Your answer should be one number, the count of lines in the data that hold "HaggN".

◆ Data excerpts:
=== Section Start ===
Lemma Delta_ge0 gamma d s t : 0 <= gamma -> 0 <= Delta gamma delta d s t.
Proof. by move=> gamma_ge0; rewrite mulr_ge0 // bigmax_ge_id. Qed.

Lemma le_Delta gamma d d' s t : 0 <= gamma -> (forall u v, d u v <= d' u v) ->
  Delta gamma delta d s t <= Delta gamma delta d' s t.
Proof.
move=> gamma_ge0 dd'; rewrite /Delta ler_wpM2l // le_bigmax2 // => a _.
exact: le_hausdorff.
Qed.

Lemma le_dseqS gamma n s t : 0 <= gamma ->
  dseq gamma delta n s t <= dseq gamma delta n.+1 s t.
Proof.
move=> gamma_ge0; elim: n s t => [|n IHn] s t; first exact: Delta_ge0.
exact: le_Delta.
Qed.

End DeltaMonotone.

Section DeltaValues.
Variables (R : realType) (S A : finType) (delta : trans R S A) (V : seq R).
Hypotheses (V0 : 0 \in V) (V1 : 1 \in V) (V_ge0 : {in V, forall r, 0 <= r}).
Hypothesis delta_V : forall s a mu, mu \in delta s a -> forall u, mu u \in V.
Implicit Types (d : S -> S -> R) (mu eta : fuzzy R S) (Y Z : {fset fuzzy R S}).
Local Notation lift := (@Defs.lift R S).

Lemma bigmax_mem (I : Type) (r : seq I) (P : pred I) (F : I -> R) :
  (forall i, P i -> F i \in V) -> \big[Num.max/0]_(i <- r | P i) F i \in V.
Proof. by move=> FV; elim/big_ind: _ => // a b aV bV; rewrite maxEle; case: ifP. Qed.

Lemma coupling_floor_in mu eta x :
  (forall u, mu u \in V) -> (forall v, eta v \in V) ->
  coupling mu eta x -> coupling mu eta (fun u v => floor_in V (x u v)).
Proof.
move=> muV etaV [_ [x_mu x_eta]]; split; first by move=> u v; exact: floor_in_ge0.
split=> w; rewrite -floor_in_bigmax ?x_mu ?x_eta floor_in_id //; exact: V_ge0.
Qed.

Lemma coupling_cost_floor_in d x : (forall u v, d u v \in V) ->
  coupling_cost d (fun u v => floor_in V (x u v)) = floor_in V (coupling_cost d x).
Proof.
move=> dV; rewrite /coupling_cost floor_in_bigmax; apply: eq_bigr => u _.
rewrite floor_in_bigmax; apply: eq_bigr => v _.
by rewrite (homo_min (@floor_in_homo R V)) (floor_in_id (dV u v)) // V_ge0.
Qed.

Lemma lift_mem d mu eta : (forall u v, d u v \in V) ->
  (forall u, mu u \in V) -> (forall v, eta v \in V) -> lift d mu eta \in V.
Proof.
move=> dV muV etaV; rewrite /lift; case: ifP => // _.
apply: inf_mem_seq => // r [x [cx ->]].
exists (floor_in V (coupling_cost d x)); first exact: floor_in_mem.
split; last exact/floor_in_le/coupling_cost_ge0.
exists (fun u v => floor_in V (x u v)).
by rewrite coupling_cost_floor_in //; split => //; exact: coupling_floor_in.
Qed.

Lemma lift_set_mem d mu Z : (forall u v, d u v \in V) ->
  (forall u, mu u \in V) -> (forall eta, eta \in Z -> forall v, eta v \in V) ->
  lift_set d mu Z \in V.
Proof.
move=> dV muV ZV; rewrite /lift_set; case: ifP => // _.
apply: inf_mem_seq => // r [eta etaZ ->]; exists (lift d mu eta).
  by apply: lift_mem => //; exact: ZV.
by split; first by exists eta.
Qed.

Lemma hausdorff_mem d Y Z : (forall u v, d u v \in V) ->
  (forall mu, mu \in Y -> forall u, mu u \in V) ->
  (forall eta, eta \in Z -> forall v, eta v \in V) ->
  hausdorff d Y Z \in V.
Proof.
move=> dV YV ZV; rewrite /hausdorff; case: ifP => // _; rewrite !big_seq maxEle.
by case: ifP => _; apply: bigmax_mem => mu mu_in; apply: lift_set_mem; auto.
Qed.

Lemma Delta1_mem d s t : (forall u v, d u v \in V) -> Delta 1 delta d s t \in V.
Proof.
move=> dV; rewrite /Delta mul1r; apply: bigmax_mem => a _.
by apply: hausdorff_mem => // mu /delta_V.
Qed.

Lemma dseq1_mem n s t : dseq 1 delta n s t \in V.
Proof. by elim: n s t => [|n IHn] s t //; exact: Delta1_mem. Qed.

End DeltaValues.

Section FTSValues.
Variables (R : realType) (S A : finType) (delta : trans R S A).

Definition support_values (mu : fuzzy R S) : seq R :=
  [seq mu x | x <- enum [set x | 0 < mu x]%SET].

Definition fts_values : seq R :=
  [:: 0, 1 & \big[cat/[::]]_(s : S) \big[cat/[::]]_(a : A)
               \big[cat/[::]]_(mu <- delta s a) support_values mu].

Lemma size_fts_values : (#|S| + size fts_values)%N = (fts_size delta).+2.
Proof.
rewrite /= size_bigcat /fts_size !addnS; congr (_ + _)%N.+2.
apply: eq_bigr => s _; rewrite size_bigcat; apply: eq_bigr => a _.
by rewrite size_bigcat; apply: eq_bigr => mu _; rewrite size_map -cardE.
Qed.

Lemma fts_values_ge0 : {in fts_values, forall r, 0 <= r}.
Proof.
move=> r; rewrite !inE => /or3P[/eqP-> // | /eqP-> // |].
rewrite mem_bigcat => /hasP[s _ /andP[_]]; rewrite mem_bigcat.
move=> /hasP[a _ /andP[_]]; rewrite mem_bigcat => /hasP[mu _ /andP[_]].
by move=> /mapP[x]; rewrite mem_enum inE => /ltW x_ge0 ->.
Qed.

Lemma mem_fts_values s a mu u : fts_wf delta -> mu \in delta s a ->
  mu u \in fts_values.
Proof.
move=> wf mu_in; have /andP[mu_ge0 _] := wf s a mu mu_in u.
have [<-|mu_neq0] := eqVneq 0 (mu u); first by rewrite inE eqxx.
have mu_gt0 : 0 < mu u by rewrite lt_neqAle mu_neq0.
rewrite !inE; apply/or3P; apply: Or33.
rewrite mem_bigcat; apply/hasP; exists s; rewrite ?mem_index_enum //=.
rewrite mem_bigcat; apply/hasP; exists a; rewrite ?mem_index_enum //=.
rewrite mem_bigcat; apply/hasP; exists mu => //=.
by apply: map_f; rewrite mem_enum inE.
Qed.

Lemma fts_values_card_le :
  (#|S| * #|S| * size fts_values <= 2 * (fts_size delta).+1 ^ 3)%N.
Proof.
have : (2 <= size fts_values)%N by [].
move: size_fts_values; move: #|S| (size _) (fts_size delta) => s v z sv v_ge2.
have [s_le v_le] : (s <= z.+1)%N /\ (v <= 2 * z.+1)%N by lia.
by apply: leq_trans (leq_mul (leq_mul s_le s_le) v_le) _; nia.
Qed.

End FTSValues.

Theorem proposition3 :
  forall R : realType,
  exists c k : nat,
  forall (S A : finType) (delta : trans R S A),
    fts_wf delta ->
    exists n : nat,
      (n <= c * (fts_size delta).+1 ^ k)%N /\
      dseq 1 delta n = dseq 1 delta n.+1.
Proof.
move=> R; exists 2%N, 3%N => S A delta wf.
pose d n (p : S * S) := dseq 1 delta n p.1 p.2.
have d_mem n p : d n p \in fts_values delta.
  apply: dseq1_mem; rewrite ?inE ?eqxx ?orbT //; first exact: fts_values_ge0.
  by move=> s a mu mu_in u; exact: mem_fts_values mu_in.
have d_nondecr n p : d n p <= d n.+1 p by apply: le_dseqS; exact: ler01.
have [n n_le d_eq] := nondecreasing_chain_stabilizes d_mem d_nondecr.
exists n; split.
  by apply: leq_trans n_le _; rewrite card_prod fts_values_card_le.
by apply/funext => s; apply/funext => t; exact: (congr1 (fun g => g (s, t)) d_eq).
Qed.
Lemma compose_M_agree (B : E -> Prop) P : is_base M B -> NoDup P ->
  no_shortcuts (DM M B) P ->
  is_base M (compose_M M B P) /\
  forall e f, ~ fund_circuit_union B P e -> ~ fund_circuit_union B P f ->
    (DM M (compose_M M B P) e f <-> DM M B e f).
Proof.
  intros HB. induction P as [|a [|b t] IH]; intros Hn Hsc;
    try (rewrite compose_M_short by reflexivity; split; [exact HB|tauto]).
  pose proof (proj1 (NoDup_cons_iff a _) Hn) as [Ha Hn'].
  destruct (IH Hn' (no_shortcuts_tail _ a _ Hn Hsc)) as [HB' Hagree].
  assert (Houter : forall z, ~ fund_circuit_union B (a :: b :: t) z ->
    ~ fund_circuit_union B (b :: t) z /\ (DM M B a b -> ~ fund_circuit M a B z)).
  { intros z Hz. split.
    - intros [a0 [b0 [Harc H]]]. apply Hz. exists a0, b0. split; [right|]; assumption.
    - intros Hab H. apply Hz. exists a, b. split; [left|split]; auto. }
  destruct (classic (DM M B a b)) as [Hab|Hab].
  - rewrite compose_M_cons_arc by assumption.
    assert (Hkeep : forall z, fund_circuit M a B z -> z <> a -> compose_M M B (b :: t) z).
    { intros z Hz Hza. apply compose_M_keep.
      - destruct Hz as [C [_ [HCB HCz]]]. destruct (HCB z HCz); [assumption|contradiction].
      - intros e He. pose proof (in_path_arcs_in _ _ _ He) as [_ [<-|Hzt]].
        + exact (not_in_path_arcs_head _ _ _ Hn' He).
        + apply (no_shortcut_from_head _ a b t z Hn Hsc Hzt).
          split; [apply Hab|split; assumption]. }
    assert (Ha' : ~ compose_M M B (b :: t) a)
      by (rewrite compose_M_off_path; [apply Hab|assumption]).
    destruct (base_exch_transfer B _ a b HB HB' Hab Ha' Hkeep) as [HB'' Hagree''].
    split; [exact HB''|]. intros e f He Hf.
    destruct (Houter e He) as [He' He''], (Houter f Hf) as [Hf' Hf''].
    rewrite Hagree''; auto.
  - rewrite compose_M_cons_skip by assumption. split; [exact HB'|].
    intros e f He Hf. apply Hagree; apply Houter; assumption.
Qed.

End Matroid.

Lemma compose_N_rev {E : Type} (N : finitary_matroid E) (B : E -> Prop) P :
  compose_N N B P = compose_M N B (rev P).
Proof.
  apply pred_ext. intros z. unfold compose_N, compose_M, Dinv.
  setoid_rewrite in_path_arcs_rev. reflexivity.
Qed.

Lemma escort_union_split {E : Type} (M N : finitary_matroid E) BM BN P z :
  escort_union M N BM BN P z <->
  fund_circuit_union E M BM P z \/ fund_circuit_union E N BN (rev P) z.
Proof.
  unfold escort_union, escort, fund_circuit_union, Dinv.
  setoid_rewrite in_path_arcs_rev. firstorder.
Qed.

Theorem claim3p6 (E : Type) (M N : finitary_matroid E) (BM BN : E -> Prop)
  (hBM : is_base M BM) (hBN : is_base N BN) (P : list E)
  (hP : is_dipath (Db M N BM BN) P)
  (hsc : no_shortcuts (Db M N BM BN) P) :
  let U := escort_union M N BM BN P in
  (forall e f, ~ U e -> ~ U f ->
     (DM M (compose_M M BM P) e f <-> DM M BM e f)) /\
  (forall e f, ~ U e -> ~ U f ->
     (DM N (compose_N N BN P) e f <-> DM N BN e f)).
Proof.
  intros U. destruct hP as [HnP _].
  assert (hscM : no_shortcuts (DM M BM) P).
  { apply (no_shortcuts_mono (Db M N BM BN)); [intros e f H; left|]; assumption. }
  assert (hscN : no_shortcuts (DM N BN) (rev P)).
  { apply (no_shortcuts_rev (Dinv (DM N BN))), (no_shortcuts_mono (Db M N BM BN));
      [intros e f H; right|]; assumption. }
  destruct (compose_M_agree E M BM P hBM HnP hscM) as [_ HaggM].
  destruct (compose_M_agree E N BN (rev P) hBN (NoDup_rev HnP) hscN) as [_ HaggN].
  split; intros e f He Hf.
  - apply HaggM; intros H; [apply He|apply Hf]; apply escort_union_split; left; exact H.
  - rewrite compose_N_rev.
    apply HaggN; intros H; [apply He|apply Hf]; apply escort_union_split; right; exact H.
Qed.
=== Section End ===
◆ Written solution: 2